Re: [PATCH 1/5] locking: Add rwsem_is_write_locked()

[Peter Zijlstra <peterz@infradead.org>]

On Fri, Sep 08, 2023 at 09:00:08AM +1000, Dave Chinner wrote:

> > Right, but if you're not the lock owner, your answer to the question is
> > a dice-roll, it might be locked, it might not be.
> 
> Except that the person writing the code knows the call chain that
> leads up to that code, and so they have a pretty good idea whether
> the object should be locked or not. If we are running that code, and
> the object is locked, then it's pretty much guaranteed that the
> owner of the lock is code that executed the check, because otherwise
> we have a *major lock implementation bug*.

Agreed, and this is fine. However there's been some very creative
'use' of the _is_locked() class of functions in the past that did not
follow 'common' sense.

If all usage was: I should be holding this, lets check. I probably
wouldn't have this bad feeling about things.

> > Most devs should run with lockdep on when writing new code, and I know
> > the sanitizer robots run with lockdep on.
> > 
> > In general there seems to be a ton of lockdep on coverage.
> 
> *cough*
> 
> Bit locks, semaphores, and all sorts of other constructs for IO
> serialisation (like inode_dio_wait()) have no lockdep coverage at
> all. IOWs, large chunks of many filesystems, the VFS and the VM have
> little to no lockdep coverage at all.

True, however I was commenting on the assertion that vm code has
duplicate asserts with the implication that was because not a lot of
people run with lockdep on.

> > > we also have VM_BUG_ON_MM(!rwsem_is_write_locked(&mm->mmap_lock), mm)
> > > to give us a good assertion when lockdep is disabled.
> > 
> > Is that really worth it still? I mean, much of these assertions pre-date
> > lockdep.
> 
> And we're trying to propagate them because lockdep isn't a viable
> option for day to day testing of filesystems because of it's
> overhead vs how infrequently it finds new problems.

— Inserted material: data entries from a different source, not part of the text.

Lemma col_sums_col_perm s A : perm_eq (col_sums (col_perm s A)) (col_sums A).
Proof.
change (perm_eq (map (csum (col_perm s A)) (enum 'I_n)) (map (csum A) (enum 'I_n))).
rewrite (eq_map (csum_col_perm s A)) map_comp; apply: perm_map; rewrite perm_sym.
apply: uniq_perm => [||j]; first exact: enum_uniq.
  by rewrite (map_inj_uniq (@perm_inj _ s)) enum_uniq.
by rewrite mem_enum -[j](permKV s) map_f ?mem_enum.
Qed.

Definition pinv r i : option 'I_k := [pick a | r a == i].

Variant pinv_spec r i : option 'I_k -> Type :=
  | PinvSome a of i = r a : pinv_spec r i (Some a)
  | PinvNone of i \notin codom r : pinv_spec r i None.

Lemma pinvP r i : pinv_spec r i (pinv r i).
Proof.
rewrite /pinv; case: pickP => [a /eqP <-|no_a]; first exact: PinvSome.
by apply: PinvNone; apply/codomP => -[a ra_i]; have := no_a a; rewrite ra_i eqxx.
Qed.

Lemma pinv_id r a : injective r -> pinv r (r a) = Some a.
Proof. by move=> r_inj; case: pinvP => [b /r_inj -> // | /negP[]]; exact: codom_f. Qed.

Lemma pinv_notin r i : i \notin codom r -> pinv r i = None.
Proof. by case: pinvP => // a ->; rewrite codom_f. Qed.

Definition stair_entry r i j :=
  match pinv r i, pinv r j with
  | Some a, Some b => a + b < k
  | Some _, None => true
  | None, _ => j == i
  end.

Definition stair_mx r : mxF2 n := \matrix_(i, j) (stair_entry r i j)%:R%R.

Definition psi_mx s r : mxF2 n := col_perm s^-1 (stair_mx r).

Section StairLineSums.
Variables (r : 'I_k -> 'I_n) (s : 'S_n).
Hypothesis r_inj : injective r.

Lemma leq_ord_inj : k <= n.
Proof. by have := leq_card r r_inj; rewrite !card_ord. Qed.

Lemma stair_mx_id a b : stair_mx r (r a) (r b) = (a + b < k)%:R%R.
Proof. by rewrite mxE /stair_entry !pinv_id. Qed.

Lemma stair_mx_full a j : j \notin codom r -> stair_mx r (r a) j = 1%R.
Proof. by move=> j_notin; rewrite mxE /stair_entry pinv_id // pinv_notin. Qed.

Lemma stair_mx_notin i j : i \notin codom r -> stair_mx r i j = (j == i)%:R%R.
Proof. by move=> i_notin; rewrite mxE /stair_entry pinv_notin. Qed.

Lemma rsum_stair_id a : rsum (stair_mx r) (r a) = n - a.
Proof.
rewrite /rsum (big_codom_split _ _ r_inj) /=.
under eq_bigr do rewrite stair_mx_id F2_bool_neq0; rewrite sum_ltn_addl.
under eq_bigr => j j_notin do rewrite stair_mx_full // oner_neq0.
rewrite sum1dep_card card_notin_codom //; have := leq_ord_inj; have := ltn_ord a; lia.
Qed.

Lemma rsum_stair_notin i : i \notin codom r -> rsum (stair_mx r) i = 1.
Proof.
move=> i_notin; rewrite /rsum (bigD1 i) //= stair_mx_notin // F2_bool_neq0 eqxx big1 // => j.
by rewrite stair_mx_notin // F2_bool_neq0 => /negbTE->.
Qed.

Lemma csum_stair_id b : csum (stair_mx r) (r b) = k - b.
Proof.
rewrite /csum (big_codom_split _ _ r_inj) /=.
under eq_bigr do rewrite stair_mx_id F2_bool_neq0 addnC.
rewrite sum_ltn_addl big1 ?addn0 // => i i_notin.
by rewrite stair_mx_notin // F2_bool_neq0; case: eqP i_notin => // <-; rewrite codom_f.
Qed.

Lemma csum_stair_notin j : j \notin codom r -> csum (stair_mx r) j = k.+1.
Proof.
move=> j_notin; rewrite /csum (big_codom_split _ _ r_inj) /=.
under eq_bigr do rewrite stair_mx_full // oner_neq0; rewrite sum1_card card_ord.
rewrite (bigD1 j) //= stair_mx_notin // F2_bool_neq0 eqxx big1 ?addn0 ?addn1 //.
move=> i /andP[i_notin ne_ij].
by rewrite stair_mx_notin // F2_bool_neq0 eq_sym (negbTE ne_ij).
Qed.

Lemma perm_enum_codom_split :
  perm_eq (enum 'I_n) (map r (enum 'I_k) ++ [seq i <- enum 'I_n | i \notin codom r]).
Proof.
apply: uniq_perm => [||i]; first exact: enum_uniq.
  rewrite cat_uniq map_inj_uniq // enum_uniq filter_uniq ?enum_uniq // andbT /=.
  by apply/hasPn => i; rewrite mem_filter -codomE => /andP[].
by rewrite mem_enum mem_cat mem_filter mem_enum -codomE andbT orbN.
Qed.

Lemma map_notin_codom (f : 'I_n -> nat) c : {in [predC codom r], f =1 fun=> c} ->
  [seq f i | i <- enum 'I_n & i \notin codom r] = nseq (n - k) c.
Proof.
move=> f_c; have /all_pred1P -> : all (pred1 c) [seq f i | i <- enum 'I_n & i \notin codom r].
  by apply/allP => x /mapP[i]; rewrite mem_filter => /andP[i_notin _] ->; rewrite /= f_c.
rewrite size_map size_filter count_enum -(card_notin_codom r_inj).
by congr nseq; apply: eq_card => i; rewrite !inE.
Qed.

Lemma perm_row_sums_stair : perm_eq (row_sums (stair_mx r)) (eta_target n k).
Proof.
change (perm_eq (map (rsum (stair_mx r)) (enum 'I_n)) (eta_target n k)).
rewrite (permPl (perm_map _ perm_enum_codom_split)) map_cat (map_notin_codom rsum_stair_notin).
by rewrite -map_comp (eq_map rsum_stair_id) /eta_target -val_enum_ord -map_comp.
Qed.

Lemma perm_col_sums_stair : perm_eq (col_sums (stair_mx r)) (theta_target n k).
Proof.
change (perm_eq (map (csum (stair_mx r)) (enum 'I_n)) (theta_target n k)).
rewrite (permPl (perm_map _ perm_enum_codom_split)) map_cat (map_notin_codom csum_stair_notin).
by rewrite -map_comp (eq_map csum_stair_id) /theta_target -val_enum_ord -map_comp perm_catC.
Qed.

Lemma stair_mx_unit : stair_mx r \in unitmx.
Proof.
rewrite unitmxE unitfE; apply/det0P => -[v nz_v v_ker]; case/eqP: nz_v.
have col_eq j : (\sum_i v ord0 i * stair_mx r i j = 0)%R.
  by move/rowP/(_ j): v_ker; rewrite !mxE.
have v_r : forall a, v ord0 (r a) = 0%R.
  (* column [r (k - 1 - m)] selects the rows [r a] with [a <= m] *)
  apply: prefix_sums_eq0 => m.
  have := col_eq (r (rev_ord m)); rewrite (big_codom_split _ _ r_inj) /=.
  rewrite [X in (_ + X)%R]big1 ?addr0 => [col_m|i i_notin]; last first.
    by rewrite stair_mx_notin //; case: eqP i_notin => [<-|_]; rewrite ?codom_f ?mulr0.
  rewrite -[RHS]col_m big_mkcond; apply: eq_bigr => a _.
  rewrite stair_mx_id mulr_natr mulrb /=; suff -> : (a + (k - m.+1) < k) = (a <= m) by [].
  by have := ltn_ord m; lia.
apply/rowP => j; rewrite !mxE; case: (pinvP r j) => [a ->|j_notin]; first exact: v_r.
have := col_eq j; rewrite (big_codom_split _ _ r_inj) /= big1 ?add0r => [|a _]; last first.
  by rewrite v_r mul0r.
rewrite (bigD1 j) //= stair_mx_notin // eqxx mulr1 big1 ?addr0 // => i /andP[i_notin ne_ij].
by rewrite stair_mx_notin // eq_sym (negbTE ne_ij) mulr0.
Qed.

Lemma rsum_psi_id a : rsum (psi_mx s r) (r a) = n - a.
Proof. by rewrite rsum_col_perm rsum_stair_id. Qed.

Lemma csum_psi_id b : csum (psi_mx s r) (s (r b)) = k - b.
Proof. by rewrite csum_col_perm permK csum_stair_id. Qed.

Lemma perm_row_sums_psi : perm_eq (row_sums (psi_mx s r)) (eta_target n k).
Proof. by rewrite row_sums_col_perm perm_row_sums_stair. Qed.

Lemma perm_col_sums_psi : perm_eq (col_sums (psi_mx s r)) (theta_target n k).
Proof. by rewrite (permPl (col_sums_col_perm _ _)) perm_col_sums_stair. Qed.

Lemma psi_mx_in_H : psi_mx s r \in H n k.
Proof.
rewrite inHE ?leq_ord_inj // perm_row_sums_psi perm_col_sums_psi andbT.
by rewrite /psi_mx col_permE unitmx_mul stair_mx_unit unitmx_perm.
Qed.

End StairLineSums.
End StairMatrix.

(** * Every matrix of [H n k] is a [psi_mx s r] *)

Section Structure.
Variables (n k : nat) (A : mxF2 n).
Hypotheses (le_kn : k <= n) (A_rows : perm_eq (row_sums A) (eta_target n k))
  (A_cols : perm_eq (col_sums A) (theta_target n k)).

Implicit Types (a b : 'I_k) (i j : 'I_n).
Local Notation nz i j := (A i j != 0%R).

Definition row_idx : {ffun 'I_k -> 'I_n} :=
  [ffun a => sval (perm_fiber1 A_rows (count_eta_target (ltn_ord a) le_kn))].
Definition col_idx : {ffun 'I_k -> 'I_n} :=
  [ffun b => sval (perm_fiber1 A_cols (count_theta_target n (ltn_ord b)))].
Local Notation r := row_idx.
Local Notation d := col_idx.

Lemma rsum_rowE a i : (rsum A i == n - a) = (i == r a).
Proof. by rewrite ffunE; case: perm_fiber1 => /= i0 ->. Qed.

Lemma csum_colE b j : (csum A j == k - b) = (j == d b).
Proof. by rewrite ffunE; case: perm_fiber1 => /= i0 ->. Qed.

Lemma rsum_row_idx a : rsum A (r a) = n - a.
Proof. by apply/eqP; rewrite rsum_rowE. Qed.

Lemma csum_col_idx b : csum A (d b) = k - b.
Proof. by apply/eqP; rewrite csum_colE. Qed.

Lemma row_idx_inj : injective r.
Proof.
move=> a a' /(congr1 (rsum A)); rewrite !rsum_row_idx => eq_na.
by apply: ord_inj; have := ltn_ord a; have := ltn_ord a'; lia.
Qed.

Lemma col_idx_inj : injective d.
Proof.
move=> b b' /(congr1 (csum A)); rewrite !csum_col_idx => eq_kb.
by apply: ord_inj; have := ltn_ord b; have := ltn_ord b'; lia.
Qed.

Lemma rsum_notin i : i \notin codom r -> rsum A i = 1.
Proof.
have /mem_eta_target[//|[a lt_ak /eqP]] : rsum A i \in eta_target n k.
  by rewrite -(perm_mem A_rows) map_f ?mem_enum.
by rewrite (rsum_rowE (Ordinal lt_ak)) => /eqP->; rewrite codom_f.
Qed.

Lemma csum_notin j : j \notin codom d -> csum A j = k.+1.
Proof.
have /mem_theta_target[//|[b lt_bk /eqP]] : csum A j \in theta_target n k.
  by rewrite -(perm_mem A_cols) map_f ?mem_enum.
by rewrite (csum_colE (Ordinal lt_bk)) => /eqP->; rewrite codom_f.
Qed.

... in XFS. Lockdep avoids a giant pile of broken from entering the
kernel and the robots still report plenty.

> > > XFS has a problem with using lockdep in general, which is that a worker
> > > thread can be spawned and use the fact that the spawner is holding the
> > > lock.  There's no mechanism for the worker thread to ask "Does struct
> > > task_struct *p hold the lock?".
> > 
> > Will be somewhat tricky to make happen -- but might be doable. It is
> > however an interface that is *very* hard to use correctly. Basically I
> > think you want to also assert that your target task 'p' is blocked,
> > right?
> > 
> > That is: assert @p is blocked and holds @lock.
> 
> That addresses the immediate symptom; it doesn't address the large
> problem with lockdep and needing non-owner rwsem semantics.
> 
> i.e. synchronous task based locking models don't work for
> asynchronous multi-stage pipeline processing engines like XFS. The
> lock protects the data object and follows the data object through
> the processing pipeline, whilst the original submitter moves on to
> the next operation to processes without blocking.
> 
> This is the non-blocking, async processing model that io_uring
> development is pushing filesystems towards, so assuming that we only
> hand a lock to a single worker task and then wait for it complete
> (i.e. synchronous operation) flies in the face of current
> development directions...

I was looking at things from an interface abuse perspective. How easy is
it to do the wrong thing. As said, we've had a bunch of really dodgy
code with the _is_locked class of functions, hence my desire to find
something else.

As to the whole non-owner locking, yes, that's problematic. I'm not
convinced async operations require non-owner locking, at the same time I
do see that IO completions pose a challence.

Coming from the schedulability and real-time corner, non-owner locks are
a nightmare because of the inversions. So yeah, fun to be had I'm sure.